Closed hinanmu closed 4 years ago

hinanmu commented 5 years ago

Hi,I have a question in your code about loss definition. I notice that the prediction of the output loss in the C2AE paper is defined as F_d(F_e(x_i)). But it is defined as F_d(F_x(x_i)) in your code.

Is it a mistake in the paper? I don't know why F_e function can accept x_i, they have a different dimension. Thank you!

greeness commented 5 years ago

I think there is a mistake in the paper.

In the training time, to get the loss between Fe and Fd, we need to calculate Fd(Fe(y_i)) (Not x_i, because as you pointed out, Fe cannot take x_i as input but y_i).

Probably because of this mistake, dhruvramani@ used a different way to derive the loss.

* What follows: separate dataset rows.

(* Under the standing setup with $\mathrm{Var}(X_N)>0$: (i) if $\delta_W\ge 0$, then $D\in[D^-_{MOB},\min\{D^+_{MOB},D_{ER}\}]$; (ii) if $\delta_W\le 0$, then $D\in[\max\{D^-_{MOB},D_{ER}\},D^+_{MOB}]$; (iii) the bounds in (i) and (ii) are sharp under the respective sign assumption (absent additional information).
   Context: Let $(X,Y,N)$ be a random triple with $X\in\{0,1\}$, $Y$ real-valued, $N$ taking values in a finite set $\mathcal N$. Write $p_n=\Pr(N=n)$, $X_n=\mathbb E[X\mid N=n]$, $Y_n=\mathbb E[Y\mid N=n]$, $X_N=\mathbb E[X\mid N]$, $Y_N=\mathbb E[Y\mid N]$. Assume some $n$ has $p_n>0$ and $X_n\in(0,1)$, and fix reals $\underline Y\le\overline Y$ with $\mathbb E[Y\mid X=x,N=n]\in[\underline Y,\overline Y]$ whenever $\Pr(X=x,N=n)>0$. $D=\mathbb E[Y\mid X=1]-\mathbb E[Y\mid X=0]$; $\delta_W=\mathbb E[\mathrm{Cov}(Y,X_N\mid X)]$; $D_{ER}=\mathrm{Cov}(Y_N,X_N)/\mathrm{Var}(X_N)$; $D^+_{MOB}=\big(\mathbb E[\min\{Y_N-\underline Y(1-X_N),\overline Y X_N\}]-\mathbb E[X]\mathbb E[Y]\big)/\mathrm{Var}(X)$, $D^-_{MOB}=\big(\mathbb E[Y](1-\mathbb E[X])-\mathbb E[\min\{Y_N-\underline Y X_N,\overline Y(1-X_N)\}]\big)/\mathrm{Var}(X)$. Sharpness under an assumption $\mathcal A$: the parameter lies in the interval for every joint distribution satisfying the standing assumptions and $\mathcal A$, and every value in the interval is attained by some joint distribution of $(X,Y,N)$ with the same observed $(p_n,X_n,Y_n)_n$, satisfying the standing bound and $\mathcal A$. *)

From HB Require Import structures.
From mathcomp Require Import all_boot all_order all_algebra.
From mathcomp Require Import all_classical all_reals all_analysis.
Set Implicit Arguments. Unset Strict Implicit. Unset Printing Implicit Defensive.
Import Order.TTheory GRing.Theory Num.Theory.
Local Open Scope classical_set_scope.
Local Open Scope ring_scope.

It is probably working too but not as good as the one proposed by the original paper.

In the prediction time, to predict labels, we would do

Fd(Fx(x_i)) this is consistent between the formula from the paper and the implementation here.

greeness commented 5 years ago

I found out that in the latest version of the paper hosted on arXiV . That mistake is already fixed. Now equation (3) cotains Fd(Fe(y_i)) instead of Fd(Fe(x_i)).

See https://arxiv.org/pdf/1707.00418.pdf

hinanmu commented 5 years ago

Thanks, I got it.

chihkuanyeh commented 5 years ago

@greeness thanks for the clarification.